#### Exercise details
Show, from the records below, all lines that contain the word "send".

#### Provided records
################

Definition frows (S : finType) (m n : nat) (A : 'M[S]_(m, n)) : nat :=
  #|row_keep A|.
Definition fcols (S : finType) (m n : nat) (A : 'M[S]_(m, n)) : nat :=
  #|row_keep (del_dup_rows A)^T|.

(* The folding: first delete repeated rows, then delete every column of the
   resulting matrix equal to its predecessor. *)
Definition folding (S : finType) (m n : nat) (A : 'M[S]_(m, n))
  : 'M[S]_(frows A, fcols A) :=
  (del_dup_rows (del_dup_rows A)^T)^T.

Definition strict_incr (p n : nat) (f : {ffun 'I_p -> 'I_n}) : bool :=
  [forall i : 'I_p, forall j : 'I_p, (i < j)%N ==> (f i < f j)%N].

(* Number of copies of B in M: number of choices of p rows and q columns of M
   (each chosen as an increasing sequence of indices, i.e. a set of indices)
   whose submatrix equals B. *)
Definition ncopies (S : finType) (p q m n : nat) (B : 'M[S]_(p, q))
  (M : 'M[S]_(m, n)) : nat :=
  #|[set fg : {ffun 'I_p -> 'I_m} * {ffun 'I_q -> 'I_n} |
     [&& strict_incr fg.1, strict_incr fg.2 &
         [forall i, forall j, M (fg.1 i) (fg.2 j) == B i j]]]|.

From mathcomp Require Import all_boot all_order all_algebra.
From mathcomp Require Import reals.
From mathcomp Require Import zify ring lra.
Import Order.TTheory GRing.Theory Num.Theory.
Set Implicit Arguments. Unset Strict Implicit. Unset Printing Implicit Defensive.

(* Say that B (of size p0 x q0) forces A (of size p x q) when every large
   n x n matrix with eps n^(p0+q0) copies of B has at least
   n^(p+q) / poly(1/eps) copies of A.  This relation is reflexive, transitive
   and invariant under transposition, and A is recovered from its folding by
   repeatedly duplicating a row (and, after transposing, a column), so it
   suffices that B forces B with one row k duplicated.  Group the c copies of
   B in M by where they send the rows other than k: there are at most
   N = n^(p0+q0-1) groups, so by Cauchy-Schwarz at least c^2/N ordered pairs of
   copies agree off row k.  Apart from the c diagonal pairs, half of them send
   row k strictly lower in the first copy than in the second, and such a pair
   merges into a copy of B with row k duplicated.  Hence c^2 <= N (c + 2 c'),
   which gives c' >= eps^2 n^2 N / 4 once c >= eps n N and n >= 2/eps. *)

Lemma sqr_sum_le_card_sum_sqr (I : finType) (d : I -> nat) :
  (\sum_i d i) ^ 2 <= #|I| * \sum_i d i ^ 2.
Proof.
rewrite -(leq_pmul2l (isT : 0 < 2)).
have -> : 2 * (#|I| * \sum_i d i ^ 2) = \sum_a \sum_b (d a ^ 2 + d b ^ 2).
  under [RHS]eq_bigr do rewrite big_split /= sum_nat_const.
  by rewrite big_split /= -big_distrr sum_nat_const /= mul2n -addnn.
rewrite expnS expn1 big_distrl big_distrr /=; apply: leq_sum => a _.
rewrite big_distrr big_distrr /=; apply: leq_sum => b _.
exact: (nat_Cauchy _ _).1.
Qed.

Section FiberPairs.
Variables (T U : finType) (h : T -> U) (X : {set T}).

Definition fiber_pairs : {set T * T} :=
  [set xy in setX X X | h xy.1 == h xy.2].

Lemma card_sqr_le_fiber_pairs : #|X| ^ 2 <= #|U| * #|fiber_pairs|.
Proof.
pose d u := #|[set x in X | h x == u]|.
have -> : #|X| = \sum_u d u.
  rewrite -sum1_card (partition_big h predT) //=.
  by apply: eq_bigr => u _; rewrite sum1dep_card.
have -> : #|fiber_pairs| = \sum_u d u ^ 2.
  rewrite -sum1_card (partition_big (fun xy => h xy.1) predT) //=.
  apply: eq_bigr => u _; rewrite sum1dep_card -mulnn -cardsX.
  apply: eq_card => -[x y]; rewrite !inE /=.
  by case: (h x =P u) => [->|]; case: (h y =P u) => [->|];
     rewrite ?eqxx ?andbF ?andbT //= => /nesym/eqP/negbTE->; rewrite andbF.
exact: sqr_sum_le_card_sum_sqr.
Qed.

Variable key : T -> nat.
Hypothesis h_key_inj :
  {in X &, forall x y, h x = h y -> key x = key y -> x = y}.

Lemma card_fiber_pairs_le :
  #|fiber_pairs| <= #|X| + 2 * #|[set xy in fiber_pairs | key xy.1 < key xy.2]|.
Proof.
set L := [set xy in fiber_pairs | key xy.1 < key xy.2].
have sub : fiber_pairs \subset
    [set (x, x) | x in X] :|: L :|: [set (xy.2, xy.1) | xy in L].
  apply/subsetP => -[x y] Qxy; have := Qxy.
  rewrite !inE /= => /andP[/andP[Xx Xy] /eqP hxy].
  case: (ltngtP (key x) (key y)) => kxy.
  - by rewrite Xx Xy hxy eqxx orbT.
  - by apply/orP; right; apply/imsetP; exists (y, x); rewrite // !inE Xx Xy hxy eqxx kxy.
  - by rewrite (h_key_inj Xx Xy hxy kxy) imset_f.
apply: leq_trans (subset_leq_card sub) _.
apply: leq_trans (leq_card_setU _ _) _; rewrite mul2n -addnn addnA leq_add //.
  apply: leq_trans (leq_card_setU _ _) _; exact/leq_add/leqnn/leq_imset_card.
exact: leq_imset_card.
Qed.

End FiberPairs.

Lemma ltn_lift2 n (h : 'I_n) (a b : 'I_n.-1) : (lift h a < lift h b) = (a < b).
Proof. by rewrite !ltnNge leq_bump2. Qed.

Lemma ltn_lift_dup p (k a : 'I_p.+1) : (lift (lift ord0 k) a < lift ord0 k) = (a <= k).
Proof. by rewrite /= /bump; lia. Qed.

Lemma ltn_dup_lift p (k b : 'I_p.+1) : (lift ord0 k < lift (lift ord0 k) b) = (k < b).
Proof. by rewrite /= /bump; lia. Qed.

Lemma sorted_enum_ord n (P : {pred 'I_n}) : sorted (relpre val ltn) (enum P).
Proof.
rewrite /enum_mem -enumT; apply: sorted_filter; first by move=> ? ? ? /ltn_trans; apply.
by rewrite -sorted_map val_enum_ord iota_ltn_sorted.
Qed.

################

#### Solved problem
   B in M by where they send the rows other than k: there are at most
   copies agree off row k.  Apart from the c diagonal pairs, half of them send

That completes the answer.